*** Data shown ***

(* Fix labels $z_1,\dots,z_n\in[K]$ such that every community size $n_k=\#\{i:z_i=k\}$ is positive (so $\mathbf{N}=\mathrm{diag}(n_1,\dots,n_K)$ is invertible). Then $\tilde{\mathbf{L}}\tilde{\mathbf{L}}^\top\mathbf{x}=T\mathbf{x}$ for every $\mathbf{x}\in\mathcal{S}^\perp$, and if $\tilde{\mathbf{x}}^{(1)},\dots,\tilde{\mathbf{x}}^{(K)}$ are orthonormal left singular vectors of $\tilde{\mathbf{M}}$ for the singular values $\tilde\lambda_1,\dots,\tilde\lambda_K$, then the vectors $\tilde{\mathbf{u}}^{(i)}=\mathbf{\Phi}\mathbf{N}^{-1/2}\tilde{\mathbf{x}}^{(i)}\in\mathcal{S}$ are orthonormal and satisfy $\tilde{\mathbf{L}}\tilde{\mathbf{L}}^\top\tilde{\mathbf{u}}^{(i)}=\tilde\lambda_i^2\tilde{\mathbf{u}}^{(i)}$. Consequently the SVD of $\tilde{\mathbf{L}}$ consists of the singular value $\sqrt T$ with multiplicity $n-K$, whose left singular vectors form an orthonormal basis of $\mathcal{S}^\perp$, together with the singular values $\tilde\lambda_1,\dots,\tilde\lambda_K$ with corresponding left singular vectors $\tilde{\mathbf{u}}^{(1)},\dots,\tilde{\mathbf{u}}^{(K)}$.
   Context: Let $\mathbf{B}^{(1)},\dots,\mathbf{B}^{(T)}\in[0,1]^{K\times K}$ be symmetric with all entries positive, $\rho\in(0,1]$, and $P^{(t)}_{ij}=\rho B^{(t)}_{z_iz_j}$. $\tilde d^{(t)}_i=\sum_jP^{(t)}_{ij}$, $\tilde{\mathbf{D}}^{(t)}=\mathrm{diag}(\tilde d^{(t)}_i)$, $\tilde{\mathbf{L}}^{(t)}=\mathbf{I}_n-\tilde{\mathbf{D}}^{(t)-1/2}\mathbf{P}^{(t)}\tilde{\mathbf{D}}^{(t)-1/2}$, $\tilde{\mathbf{L}}=[\tilde{\mathbf{L}}^{(1)}\mid\cdots\mid\tilde{\mathbf{L}}^{(T)}]\in\mathbb{R}^{n\times nT}$. Community matrices: $\tilde Q^{(t)}_{kl}=\frac{n_k}{n}\frac{n_l}{n}B^{(t)}_{kl}$, $\tilde{\mathbf{D}}_Q^{(t)}$ the diagonal matrix of row sums of $\tilde{\mathbf{Q}}^{(t)}$, $\tilde{\mathbf{M}}^{(t)}=\mathbf{I}_K-\tilde{\mathbf{D}}_Q^{(t)-1/2}\tilde{\mathbf{Q}}^{(t)}\tilde{\mathbf{D}}_Q^{(t)-1/2}$, $\tilde{\mathbf{M}}=[\tilde{\mathbf{M}}^{(1)}\mid\cdots\mid\tilde{\mathbf{M}}^{(T)}]\in\mathbb{R}^{K\times KT}$ with singular values $\tilde\lambda_1\le\cdots\le\tilde\lambda_K$. $\mathbf{\Phi}\in\{0,1\}^{n\times K}$ has entries $\Phi_{ik}=1$ iff $z_i=k$; $\mathcal{S}$ is the column span of $\mathbf{\Phi}$ and $\mathcal{S}^\perp=\{\mathbf{x}\in\mathbb{R}^n:\sum_{i:z_i=k}x_i=0\ \forall k\}$. *)

From HB Require Import structures.
From mathcomp Require Import all_boot all_order all_algebra.
Set Implicit Arguments. Unset Strict Implicit. Unset Printing Implicit Defensive.
Import Order.TTheory GRing.Theory Num.Theory.
Local Open Scope ring_scope.

Section Defs.
Variable R : rcfType.

Definition diag_invsqrt m (d : 'I_m -> R) : 'M[R]_m :=
  diag_mx (\row_i (Num.sqrt (d i))^-1).

Variables (n K T : nat) (z : 'I_n -> 'I_K) (B : 'I_T -> 'M[R]_K) (rho : R).

Definition csize (k : 'I_K) : nat := #|[set i | z i == k]|.

Definition Pmat (t : 'I_T) : 'M[R]_n := \matrix_(i, j) (rho * B t (z i) (z j)).
Definition deg (t : 'I_T) (i : 'I_n) : R := \sum_j Pmat t i j.
Definition Lt (t : 'I_T) : 'M[R]_n :=
  1%:M - diag_invsqrt (deg t) *m Pmat t *m diag_invsqrt (deg t).
Definition Lfull : 'M[R]_(n, \sum_(t < T) n) := @mxrow R T (fun _ => n) n Lt.

Definition Qmat (t : 'I_T) : 'M[R]_K :=
  \matrix_(k, l) ((csize k)%:R / n%:R * ((csize l)%:R / n%:R) * B t k l).
Definition degQ (t : 'I_T) (k : 'I_K) : R := \sum_l Qmat t k l.
Definition Mt (t : 'I_T) : 'M[R]_K :=
  1%:M - diag_invsqrt (degQ t) *m Qmat t *m diag_invsqrt (degQ t).
Definition Mfull : 'M[R]_(K, \sum_(t < T) K) := @mxrow R T (fun _ => K) K Mt.

Definition Phi : 'M[R]_(n, K) := \matrix_(i, k) (z i == k)%:R.
Definition Ninvsqrt : 'M[R]_K := diag_invsqrt (fun k => (csize k)%:R).

Definition inS (x : 'cV[R]_n) : Prop := exists c : 'cV[R]_K, x = Phi *m c.
Definition inSperp (x : 'cV[R]_n) : Prop :=
  forall k : 'I_K, \sum_(i | z i == k) x i 0 = 0.
End Defs.

Definition orthonormal_vecs (R : rcfType) m p (x : 'I_p -> 'cV[R]_m) : Prop :=
  forall i j, (x i)^T *m x j = (i == j)%:R%:M.

Definition left_sing_vec (R : rcfType) m p (A : 'M[R]_(m, p)) (s : R) (x : 'cV[R]_m) : Prop :=
  0 <= s /\ x^T *m x = 1%:M /\
  exists y : 'cV[R]_p, y^T *m y = 1%:M /\ A *m y = s *: x /\ A^T *m x = s *: y.

(* With E_t the community degrees (cdeg) and C_t = E_t^-1/2 B_t E_t^-1/2, the
   normalized affinities factor as D_t^-1/2 P_t D_t^-1/2 = Phi C_t Phi^T and
   D_Q^-1/2 Q_t D_Q^-1/2 = N^1/2 C_t N^1/2.  Hence every L^(t) is the identity
   on S^perp, so L L^T = T there, and L^(t) (Phi N^-1/2) = (Phi N^-1/2) M^(t)
   with Phi N^-1/2 an isometry, so singular pairs of M lift blockwise to
   singular pairs of L.  The lifted left vectors, completed by an orthonormal
   basis of S^perp, form an orthonormal eigenbasis of L L^T, from which the
   right singular vectors and the SVD are assembled. *)

From mathcomp Require Import all_boot all_order all_algebra.
From mathcomp Require Import ring zify.
Import Order.TTheory GRing.Theory Num.Theory.
Local Open Scope ring_scope.
Set Implicit Arguments. Unset Strict Implicit. Unset Printing Implicit Defensive.

Definition colmx (R : Type) m p (f : 'I_p -> 'cV[R]_m) : 'M[R]_(m, p) :=
  \matrix_(j, i) f i j 0.

Lemma col_colmx (R : Type) m p (f : 'I_p -> 'cV[R]_m) i : col i (colmx f) = f i.
Proof. by apply/matrixP => j k; rewrite !mxE ord1. Qed.

Lemma mul_colmx (R : pzSemiRingType) m n p (A : 'M[R]_(m, n)) (f : 'I_p -> 'cV[R]_n) :
  A *m colmx f = colmx (fun i => A *m f i).
Proof. by apply/matrixP => j i; rewrite !mxE; apply: eq_bigr => k _; rewrite !mxE. Qed.

Lemma tr_col_mul_col (R : comPzSemiRingType) m p q (A : 'M[R]_(m, p)) (C : 'M[R]_(m, q)) i j :
  (col i A)^T *m col j C = ((A^T *m C) i j)%:M.
Proof.
by apply/matrixP => a b; rewrite !ord1 !mxE eqxx mulr1n; apply: eq_bigr => k _; rewrite !mxE.
Qed.

Lemma orthonormal_colmx (R : rcfType) m p (f : 'I_p -> 'cV[R]_m) :
  orthonormal_vecs f -> (colmx f)^T *m colmx f = 1%:M.
Proof.
move=> onf; apply/matrixP => i j; have := tr_col_mul_col (colmx f) (colmx f) i j.
by rewrite !col_colmx onf => /matrixP/(_ 0 0); rewrite !mxE eqxx !mulr1n => <-.
Qed.

Section RealMatrices.
Variable R : rcfType.

Lemma tr_mul_self_gt0 m (w : 'cV[R]_m) : w != 0 -> 0 < (w^T *m w) 0 0.
Proof.
move=> w0; have -> : (w^T *m w) 0 0 = \sum_i w i 0 ^+ 2.
  by rewrite mxE; apply: eq_bigr => i _; rewrite mxE expr2.
rewrite lt_def sumr_ge0 ?andbT => [|i _]; last exact: sqr_ge0.
apply: contra w0 => /eqP /psumr_eq0P w2; apply/eqP/colP => i.
by rewrite mxE; apply/eqP; rewrite -sqrf_eq0 w2 // => j _; apply: sqr_ge0.
Qed.

Lemma tr_mul_self_eq0 m (w : 'cV[R]_m) : w^T *m w = 0 -> w = 0.
Proof.
move=> ww; apply/eqP/negPn/negP => /tr_mul_self_gt0.
by rewrite ww mxE ltxx.
Qed.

***

▶ Goal of the exercise: Once you reach the line with "Definition diag_invsqrt m" in the data above, copy it and every line after it exactly, up to and including the line with "exists y : 'cV[R]_p, y^T".

▶ Output below:
Definition diag_invsqrt m (d : 'I_m -> R) : 'M[R]_m :=
  diag_mx (\row_i (Num.sqrt (d i))^-1).

Variables (n K T : nat) (z : 'I_n -> 'I_K) (B : 'I_T -> 'M[R]_K) (rho : R).

Definition csize (k : 'I_K) : nat := #|[set i | z i == k]|.

Definition Pmat (t : 'I_T) : 'M[R]_n := \matrix_(i, j) (rho * B t (z i) (z j)).
Definition deg (t : 'I_T) (i : 'I_n) : R := \sum_j Pmat t i j.
Definition Lt (t : 'I_T) : 'M[R]_n :=
  1%:M - diag_invsqrt (deg t) *m Pmat t *m diag_invsqrt (deg t).
Definition Lfull : 'M[R]_(n, \sum_(t < T) n) := @mxrow R T (fun _ => n) n Lt.

Definition Qmat (t : 'I_T) : 'M[R]_K :=
  \matrix_(k, l) ((csize k)%:R / n%:R * ((csize l)%:R / n%:R) * B t k l).
Definition degQ (t : 'I_T) (k : 'I_K) : R := \sum_l Qmat t k l.
Definition Mt (t : 'I_T) : 'M[R]_K :=
  1%:M - diag_invsqrt (degQ t) *m Qmat t *m diag_invsqrt (degQ t).
Definition Mfull : 'M[R]_(K, \sum_(t < T) K) := @mxrow R T (fun _ => K) K Mt.

Definition Phi : 'M[R]_(n, K) := \matrix_(i, k) (z i == k)%:R.
Definition Ninvsqrt : 'M[R]_K := diag_invsqrt (fun k => (csize k)%:R).

Definition inS (x : 'cV[R]_n) : Prop := exists c : 'cV[R]_K, x = Phi *m c.
Definition inSperp (x : 'cV[R]_n) : Prop :=
  forall k : 'I_K, \sum_(i | z i == k) x i 0 = 0.
End Defs.

Definition orthonormal_vecs (R : rcfType) m p (x : 'I_p -> 'cV[R]_m) : Prop :=
  forall i j, (x i)^T *m x j = (i == j)%:R%:M.

Definition left_sing_vec (R : rcfType) m p (A : 'M[R]_(m, p)) (s : R) (x : 'cV[R]_m) : Prop :=
  0 <= s /\ x^T *m x = 1%:M /\
  exists y : 'cV[R]_p, y^T *m y = 1%:M /\ A *m y = s *: x /\ A^T *m x = s *: y.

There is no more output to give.